# TASK TO COMPLETE
Your task is to filter the data below down to the lines holding "hbeta".

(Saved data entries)
┌──
(* Consider the CETC closed loop (continuous-time event-triggering rule with parameters $\theta,\eta,\theta_m,\kappa_0,\kappa_1,\kappa_2>0$ and $m^0<0$), and let $F=\sup_k t_k$. Then the dynamic variable satisfies $m(t)<0$ for all $t\in[0,F)$.
   Context: Standing setting. Fix $\ell>0$, $\lambda_1,\lambda_2>0$, $c_1,c_2\in C^0([0,\ell];\mathbb R)$ and constants $q\ne0$, $\rho\ne0$ with $|\rho q|\le \tfrac12$. For $f_1,\dots,f_n\in L^2(0,\ell)$ write $\|(f_1,\dots,f_n)^T\|=(\sum_i\|f_i\|^2_{L^2(0,\ell)})^{1/2}$. Let $\mathcal T=\{(x,\xi):0\le\xi\le x\le\ell\}$. Plant: $\partial_t u=-\lambda_1\partial_x u+c_1(x)v$, $\partial_t v=\lambda_2\partial_x v+c_2(x)u$, $u(0,t)=qv(0,t)$, $v(\ell,t)=\rho u(\ell,t)+\mathcal U(t)$, where $\mathcal U$ is the applied boundary input; measured output $v(0,t)$. Kernels (each system below has a unique continuous solution on $\mathcal T$): (P) $\lambda_1(\partial_x+\partial_\xi)P^{\alpha\alpha}=c_1(x)P^{\beta\alpha}$, $\lambda_1\partial_xP^{\alpha\beta}-\lambda_2\partial_\xi P^{\alpha\beta}=c_1(x)P^{\beta\beta}$, $\lambda_2\partial_xP^{\beta\alpha}-\lambda_1\partial_\xi P^{\beta\alpha}=-c_2(x)P^{\alpha\alpha}$, $\lambda_2(\partial_x+\partial_\xi)P^{\beta\beta}=-c_2(x)P^{\alpha\beta}$, with $P^{\alpha\alpha}(\ell,\xi)=\rho^{-1}P^{\beta\alpha}(\ell,\xi)$, $P^{\alpha\beta}(x,x)=-\frac{c_1(x)}{\lambda_1+\lambda_2}$, $P^{\beta\beta}(\ell,\xi)=\rho P^{\alpha\beta}(\ell,\xi)$, $P^{\beta\alpha}(x,x)=\frac{c_2(x)}{\lambda_1+\lambda_2}$. (R) $\lambda_1(\partial_x+\partial_\xi)R^{uu}=-c_2(\xi)R^{uv}$, $\lambda_1\partial_xR^{uv}-\lambda_2\partial_\xi R^{uv}=-c_1(\xi)R^{uu}$, $\lambda_2\partial_xR^{vu}-\lambda_1\partial_\xi R^{vu}=c_2(\xi)R^{vv}$, $\lambda_2(\partial_x+\partial_\xi)R^{vv}=c_1(\xi)R^{vu}$, with $R^{uu}(\ell,\xi)=\rho^{-1}R^{vu}(\ell,\xi)$, $R^{uv}(x,x)=-\frac{c_1(x)}{\lambda_1+\lambda_2}$, $R^{vv}(\ell,\xi)=\rho R^{uv}(\ell,\xi)$, $R^{vu}(x,x)=\frac{c_2(x)}{\lambda_1+\lambda_2}$. (K) $\lambda_1(\partial_x+\partial_\xi)K^{uu}=-c_2(\xi)K^{uv}$, $\lambda_1\partial_xK^{uv}-\lambda_2\partial_\xi K^{uv}=-c_1(\xi)K^{uu}$, $\lambda_2\partial_xK^{vu}-\lambda_1\partial_\xi K^{vu}=c_2(\xi)K^{vv}$, $\lambda_2(\partial_x+\partial_\xi)K^{vv}=c_1(\xi)K^{vu}$, with $K^{uu}(x,0)=\frac{\lambda_2}{q\lambda_1}K^{uv}(x,0)$, $K^{uv}(x,x)=\frac{c_1(x)}{\lambda_1+\lambda_2}$, $K^{vv}(x,0)=\frac{q\lambda_1}{\lambda_2}K^{vu}(x,0)$, $K^{vu}(x,x)=-\frac{c_2(x)}{\lambda_1+\lambda_2}$. Observer: with gains $p_1(x)=-\lambda_2P^{\alpha\beta}(x,0)$, $p_2(x)=-\lambda_2P^{\beta\beta}(x,0)$ and $\tilde v(0,t)=v(0,t)-\hat v(0,t)$: $\partial_t\hat u=-\lambda_1\partial_x\hat u+c_1(x)\hat v+p_1(x)\tilde v(0,t)$, $\partial_t\hat v=\lambda_2\partial_x\hat v+c_2(x)\hat u+p_2(x)\tilde v(0,t)$, $\hat u(0,t)=qv(0,t)$, $\hat v(\ell,t)=\rho\hat u(\ell,t)+\mathcal U(t)$. Transformed variables: $\tilde u=u-\hat u$, $\tilde v=v-\hat v$; $\tilde\beta(x,t)=\tilde v+\int_0^xR^{vu}(x,\xi)\tilde u(\xi,t)d\xi+\int_0^xR^{vv}(x,\xi)\tilde v(\xi,t)d\xi$ (so $\tilde\beta(0,t)=\tilde v(0,t)$); $\hat\alpha(x,t)=\hat u-\int_0^xK^{uu}(x,\xi)\hat u(\xi,t)d\xi-\int_0^xK^{uv}(x,\xi)\hat v(\xi,t)d\xi$, $\hat\beta(x,t)=\hat v-\int_0^xK^{vu}(x,\xi)\hat u(\xi,t)d\xi-\int_0^xK^{vv}(x,\xi)\hat v(\xi,t)d\xi$. Nominal feedback: $U(t)=\int_0^\ell N^u(\xi)\hat u(\xi,t)d\xi+\int_0^\ell N^v(\xi)\hat v(\xi,t)d\xi$ with $N^u(\xi)=K^{vu}(\ell,\xi)-\rho K^{uu}(\ell,\xi)$, $N^v(\xi)=K^{vv}(\ell,\xi)-\rho K^{uv}(\ell,\xi)$. Sampled-data input: given event times $0=t_0<t_1<\cdots$, the applied input is $\mathcal U(t)=U(t_k)$ for $t\in[t_k,t_{k+1})$ in both plant and observer; the input holding error is $d(t)=U(t_k)-U(t)$ for $t\in[t_k,t_{k+1})$. Dynamic variable: given $\eta,\theta_m,\kappa_0,\kappa_1,\kappa_2>0$ and $m^0<0$, $m$ is the continuous function with $m(0)=m^0$ that on each $(t_k,t_{k+1})$ solves $\dot m=-\eta m+\theta_m d^2-\kappa_0\|(\hat\alpha(\cdot,t),\hat\beta(\cdot,t))^T\|^2-\kappa_1\hat\alpha^2(\ell,t)-\kappa_2\tilde\beta^2(0,t)$. CETC rule: for $\theta>0$ let $\Gamma^c(t)=\theta d^2(t)+m(t)$; the event times are $t_0=0$ and $t_{k+1}=\inf\{t>t_k:\Gamma^c(t)>0\}$. *)

From HB Require Import structures.
From mathcomp Require Import all_boot all_order all_algebra.
From mathcomp Require Import all_classical all_reals all_analysis.
Set Implicit Arguments. Unset Strict Implicit. Unset Printing Implicit Defensive.
Import Order.TTheory GRing.Theory Num.Theory.
Import numFieldNormedType.Exports.
Local Open Scope classical_set_scope.
Local Open Scope ring_scope.

Section CETC.
Variable R : realType.

Definition Lint (f : R -> R) (a b : R) : R :=
  Rintegral (@lebesgue_measure R) `[a, b] f.

Definition L2sq (ell : R) (f : R -> R) : R := Lint (fun x => f x ^+ 2) 0 ell.

(* Space-time fields are written f x t. *)

Definition tbeta (Rvu Rvv : R -> R -> R) (u v uh vh : R -> R -> R) (x t : R) : R :=
  (v x t - vh x t)
  + Lint (fun xi => Rvu x xi * (u xi t - uh xi t)) 0 x
  + Lint (fun xi => Rvv x xi * (v xi t - vh xi t)) 0 x.

Definition halpha (Kuu Kuv : R -> R -> R) (uh vh : R -> R -> R) (x t : R) : R :=
  uh x t - Lint (fun xi => Kuu x xi * uh xi t) 0 x
         - Lint (fun xi => Kuv x xi * vh xi t) 0 x.

Definition hbeta (Kvu Kvv : R -> R -> R) (uh vh : R -> R -> R) (x t : R) : R :=
  vh x t - Lint (fun xi => Kvu x xi * uh xi t) 0 x
         - Lint (fun xi => Kvv x xi * vh xi t) 0 x.

Definition hnorm2 (ell : R) (Kuu Kuv Kvu Kvv : R -> R -> R) (uh vh : R -> R -> R) (t : R) : R :=
  L2sq ell (fun x => halpha Kuu Kuv uh vh x t) + L2sq ell (fun x => hbeta Kvu Kvv uh vh x t).

Definition Ufb (ell rho : R) (Kuu Kuv Kvu Kvv : R -> R -> R) (uh vh : R -> R -> R) (t : R) : R :=
  Lint (fun xi => (Kvu ell xi - rho * Kuu ell xi) * uh xi t) 0 ell
  + Lint (fun xi => (Kvv ell xi - rho * Kuv ell xi) * vh xi t) 0 ell.

End CETC.

Set Warnings "-notation-overridden,-ambiguous-paths,-notation-incompatible-prefix".
From HB Require Import structures.
From mathcomp Require Import all_boot all_order all_algebra.
From mathcomp Require Import all_classical all_reals all_analysis.
From mathcomp Require Import lra.
Import Order.TTheory GRing.Theory Num.Theory.
Import numFieldNormedType.Exports.
Local Open Scope classical_set_scope.
Local Open Scope ring_scope.

(* Between two events the triggering rule keeps [theta d^2 + m <= 0], so the
   holding-error term of the ODE for [m] is bounded by [-(thetam/theta) m] and
   [m' <= -(eta + thetam/theta) m].  By a Gronwall argument [m] cannot reach
   [0] on an inter-event interval; since [m] is continuous across events, an
   induction on the events gives [m < 0] up to the supremum of the event times. *)

Lemma is_derive_expR_scale (R : realType) (c x : R) :
  is_derive x 1 (fun y => expR (c * y)) (c * expR (c * x)).
Proof.
have dcx : is_derive x 1 (fun y : R => c * y) c.
  have := @is_deriveZ R R R id c x 1 1 (is_derive_id _ _).
  by rewrite /GRing.scale /= mulr1.
have := is_derive1_comp (is_derive_expR (c * x)) dcx.
by rewrite mulrC.
Qed.

Lemma gronwall_lt0 (R : realType) (f df : R -> R) (c a b : R) :
  a < b -> f a < 0 -> f @ a^'+ --> f a ->
  (forall x, a < x <= b -> is_derive x 1 f (df x)) ->
  (forall x, a < x < b -> df x <= - c * f x) -> f b < 0.
Proof.
move=> ab fa0 f_right f_derive df_le.
pose g x := f x * expR (c * x).
pose dg x := (df x + c * f x) * expR (c * x).
have g_derive x : a < x <= b -> is_derive x 1 g (dg x).
  move=> /f_derive fx.
  have := @is_deriveM R R f (fun y => expR (c * y)) x 1 _ _ fx (is_derive_expR_scale _ c x).
  by rewrite /GRing.scale /=; congr is_derive; rewrite /dg; lra.
have g_cont_at x : a < x <= b -> {for x, continuous g}.
  by move=> /g_derive[/derivable1_diffP/differentiable_continuous].
have g_cont : {within `[a, b], continuous g}.
  apply/continuous_within_itvP => //; split.
  - by move=> x; rewrite in_itv /= => /andP[ax xb]; apply: g_cont_at; rewrite ax ltW.
  - apply: cvgM => //; apply: cvg_at_right_filter.
    apply: continuous_comp; [exact: mulrl_continuous | exact: continuous_expR].
  - by apply: cvg_at_left_filter; apply: g_cont_at; rewrite ab lexx.
have [xi] : exists2 xi, xi \in `]a, b[ & g b - g a = dg xi * (b - a).
  apply: MVT ab _ g_cont => x; rewrite in_itv /= => /andP[ax xb].
  by apply: g_derive; rewrite ax ltW.
rewrite in_itv /= => /andP[axi xib] g_incr.
have dg_le0 : dg xi <= 0.
  rewrite /dg pmulr_lle0 ?expR_gt0 //.
  have /df_le : a < xi < b by rewrite axi.
  lra.
have ga_lt0 : g a < 0 by rewrite /g pmulr_llt0 ?expR_gt0.
have : g b - g a <= 0 by rewrite g_incr mulr_le0_ge0 // subr_ge0 ltW.
have : g b < 0 -> f b < 0 by rewrite /g pmulr_llt0 ?expR_gt0.
lra.
Qed.

Lemma held_error_rate_le (R : realFieldType) (theta eta thetam M D P : R) :
  0 < theta -> 0 <= thetam -> theta * D + M <= 0 -> 0 <= P ->
  - eta * M + thetam * D - P <= - (eta + thetam / theta) * M.
Proof.
move=> theta_gt0 thetam_ge0 trig_le0 P_ge0.
have -> : thetam * D = thetam / theta * (theta * D).
  by rewrite mulrA divfK ?gt_eqF.
have : 0 <= thetam / theta by rewrite divr_ge0 // ltW.
move: (thetam / theta) => r r_ge0.
have : r * (theta * D + M) <= 0 by rewrite mulr_ge0_le0.
lra.
Qed.

Lemma lt_ereal_inf_image_notin (R : realType) (A : set R) (x : R) :
  (x%:E < ereal_inf [set s%:E | s in A])%E -> ~ A x.
Proof.
by move=> + Ax; rewrite ltNge => /negP; apply; apply: ereal_inf_lbound; exists x.
Qed.

Lemma hnorm2_ge0 (R : realType) (ell : R) (Kuu Kuv Kvu Kvv : R -> R -> R)
    (uh vh : R -> R -> R) (t : R) :
  0 <= hnorm2 ell Kuu Kuv Kvu Kvv uh vh t.
Proof. by apply: addr_ge0; apply: Rintegral_ge0 => x _; apply: sqr_ge0. Qed.

Section dynamic_variable_negative.
Variables (R : realType) (theta eta thetam : R).
Variables (t : nat -> \bar R) (U mk dissip : nat -> R -> R) (m : R -> R).
(* [U k] is the nominal feedback along the k-th continuation, so the holding
   error on [t_k, t_{k+1}) is [U k tk - U k s]. *)

Hypothesis theta_gt0 : 0 < theta.
Hypothesis thetam_ge0 : 0 <= thetam.
Hypothesis t0 : t 0%N = 0%:E.
Hypothesis t_pinfty : forall k, t k = +oo%E -> t k.+1 = +oo%E.
Hypothesis t_next : forall k (tk : R), t k = tk%:E ->
  (tk%:E < t k.+1)%E /\
  t k.+1 = ereal_inf [set s%:E | s in [set s : R | tk < s /\
                        0 < theta * (U k tk - U k s) ^+ 2 + mk k s]].
Hypothesis mk_right : forall k (tk : R), t k = tk%:E -> mk k @ at_right tk --> mk k tk.
Hypothesis mk_derive : forall k (tk s : R), t k = tk%:E -> tk < s ->
  is_derive s 1 (mk k) (- eta * mk k s + thetam * (U k tk - U k s) ^+ 2 - dissip k s).
Hypothesis dissip_ge0 : forall k s, 0 <= dissip k s.
Hypothesis mk0_lt0 : mk 0%N 0 < 0.
Hypothesis mk_event : forall k (tk1 : R), t k.+1 = tk1%:E -> mk k.+1 tk1 = mk k tk1.
Hypothesis m_mk : forall k (tk s : R), t k = tk%:E -> tk <= s -> (s%:E < t k.+1)%E ->
  m s = mk k s.

Lemma event_time_cases k : t k = +oo%E \/ exists tk : R, t k = tk%:E.
Proof.
elim: k => [|k [/t_pinfty|[tk /t_next[]]]]; [by right; exists 0 | by left |].
by case: (t k.+1) => [x _ _| |]; [right; exists x | left |].
Qed.

Lemma trigger_le0 k (tk s : R) : t k = tk%:E -> tk < s -> (s%:E < t k.+1)%E ->
  theta * (U k tk - U k s) ^+ 2 + mk k s <= 0.
Proof.
move=> /t_next[_ ->] tks /lt_ereal_inf_image_notin s_notin.
by rewrite leNgt; apply/negP => trig_gt0; apply: s_notin.
Qed.

Lemma mk_lt0_between k (tk s : R) : t k = tk%:E -> mk k tk < 0 ->
  tk < s -> (s%:E <= t k.+1)%E -> mk k s < 0.
Proof.
move=> tkE mk_lt0 tks s_le.
apply: (gronwall_lt0 _ _ _ (eta + thetam / theta) _ _ tks mk_lt0 (mk_right _ _ tkE)).
  by move=> x /andP[tkx _]; apply: (mk_derive _ _ _ tkE tkx).
move=> x /andP[tkx xs]; apply: held_error_rate_le => //.
by apply: (trigger_le0 _ _ _ tkE tkx); apply: lt_le_trans s_le; rewrite lte_fin.
Qed.

Lemma mk_lt0_at_event k (tk : R) : t k = tk%:E -> mk k tk < 0.
Proof.
elim: k tk => [|k IH] tk; first by rewrite t0 => -[<-].
move=> tkE; rewrite (mk_event _ _ tkE).
have [/t_pinfty|[tk' tk'E]] := event_time_cases k; first by rewrite tkE.
have [+ _] := t_next _ _ tk'E; rewrite tkE lte_fin => tk'tk.
by apply: (mk_lt0_between _ _ _ tk'E (IH _ tk'E) tk'tk); rewrite tkE.
Qed.

Lemma m_lt0_before_sup s : 0 <= s -> (s%:E < ereal_sup (range t))%E -> m s < 0.
Proof.
move=> s_ge0 /ereal_sup_gt[_ [n _ <-]].
elim: n => [|n IH s_lt]; first by rewrite t0 lte_fin ltNge s_ge0.
have [/IH//|tn_le] := ltP s%:E (t n).
have [tnE|[tn tnE]] := event_time_cases n; first by move: tn_le; rewrite tnE leNgt ltey.
move: tn_le; rewrite tnE lee_fin => tn_s.
rewrite (m_mk _ _ _ tnE tn_s s_lt).
have [<-|tn_neq] := eqVneq tn s; first exact: mk_lt0_at_event _ _ tnE.
apply: (mk_lt0_between _ _ _ tnE (mk_lt0_at_event _ _ tnE) _ (ltW s_lt)).
by rewrite lt_neqAle tn_neq.
Qed.

End dynamic_variable_negative.

Theorem lemma2 (R : realType)
  (ell lam1 lam2 : R) (c1 c2 : R -> R) (q rho : R)
  (Kuu Kuv Kvu Kvv Rvu Rvv : R -> R -> R)
  (theta eta thetam kap0 kap1 kap2 m0 : R)
  (u v uh vh : nat -> R -> R -> R)
  (t : nat -> \bar R) (mk : nat -> R -> R) (m : R -> R) :
  0 < ell -> 0 < lam1 -> 0 < lam2 ->
  {within `[0, ell], continuous c1} -> {within `[0, ell], continuous c2} ->
  q != 0 -> rho != 0 -> `|rho * q| <= 2^-1 ->
  0 < theta -> 0 < eta -> 0 < thetam -> 0 < kap0 -> 0 < kap1 -> 0 < kap2 -> m0 < 0 ->
  (* event times: t_0 = 0, increasing, and the CETC rule, where on [t_k, oo) the
     closed loop with the input held at U(t_k) is the k-th continuation
     (u k, v k, uh k, vh k, mk k) *)
  t 0%N = 0%:E ->
  (forall k, t k = +oo%E -> t k.+1 = +oo%E) ->
  (forall k (tk : R), t k = tk%:E ->
     (tk%:E < t k.+1)%E /\
     t k.+1 = ereal_inf [set s%:E | s in [set s : R | tk < s /\
        0 < theta * (Ufb ell rho Kuu Kuv Kvu Kvv (uh k) (vh k) tk
                     - Ufb ell rho Kuu Kuv Kvu Kvv (uh k) (vh k) s) ^+ 2 + mk k s]]) ->
  (* dynamic variable along the k-th continuation *)
  (forall k (tk : R), t k = tk%:E ->
     (mk k @ at_right tk --> mk k tk) /\
     (forall s, tk < s ->
        is_derive s 1 (mk k)
          (- eta * mk k s
           + thetam * (Ufb ell rho Kuu Kuv Kvu Kvv (uh k) (vh k) tk
                       - Ufb ell rho Kuu Kuv Kvu Kvv (uh k) (vh k) s) ^+ 2
           - kap0 * hnorm2 ell Kuu Kuv Kvu Kvv (uh k) (vh k) s
           - kap1 * (halpha Kuu Kuv (uh k) (vh k) ell s) ^+ 2
           - kap2 * (tbeta Rvu Rvv (u k) (v k) (uh k) (vh k) 0 s) ^+ 2))) ->
  (* m(0) = m^0, continuity of m at event times, m = mk k on [t_k, t_{k+1}) *)
  mk 0%N 0 = m0 ->
  (forall k (tk1 : R), t k.+1 = tk1%:E -> mk k.+1 tk1 = mk k tk1) ->
  (forall k (tk s : R), t k = tk%:E -> tk <= s -> (s%:E < t k.+1)%E -> m s = mk k s) ->
  forall s : R, 0 <= s -> (s%:E < ereal_sup (range t))%E -> m s < 0.
Proof.
move=> _ _ _ _ _ _ _ _ theta_gt0 _ thetam_gt0 kap0_gt0 kap1_gt0 kap2_gt0 m0_lt0
  t0 t_pinfty t_next mk_dyn mk0 mk_event m_mk.
pose dissip k s := kap0 * hnorm2 ell Kuu Kuv Kvu Kvv (uh k) (vh k) s
  + kap1 * halpha Kuu Kuv (uh k) (vh k) ell s ^+ 2
  + kap2 * tbeta Rvu Rvv (u k) (v k) (uh k) (vh k) 0 s ^+ 2.
have dissip_ge0 k s : 0 <= dissip k s.
  by rewrite !addr_ge0 //; apply: mulr_ge0; rewrite ?sqr_ge0 ?hnorm2_ge0 ?ltW.
apply: (m_lt0_before_sup _ _ eta _ _ _ _ dissip _ theta_gt0 (ltW thetam_gt0)
          t0 t_pinfty t_next _ _ dissip_ge0 _ mk_event m_mk).
- by move=> k tk /mk_dyn[].
- move=> k tk s /mk_dyn[_ /(_ s)] mk_derive /mk_derive.
  by rewrite /dissip !opprD !addrA.
- by rewrite mk0.
Qed.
└──
# WRITTEN REPLY
Definition hbeta (Kvu Kvv : R -> R -> R) (uh vh : R -> R -> R) (x t : R) : R :=
  L2sq ell (fun x => halpha Kuu Kuv uh vh x t) + L2sq ell (fun x => hbeta Kvu Kvv uh vh x t).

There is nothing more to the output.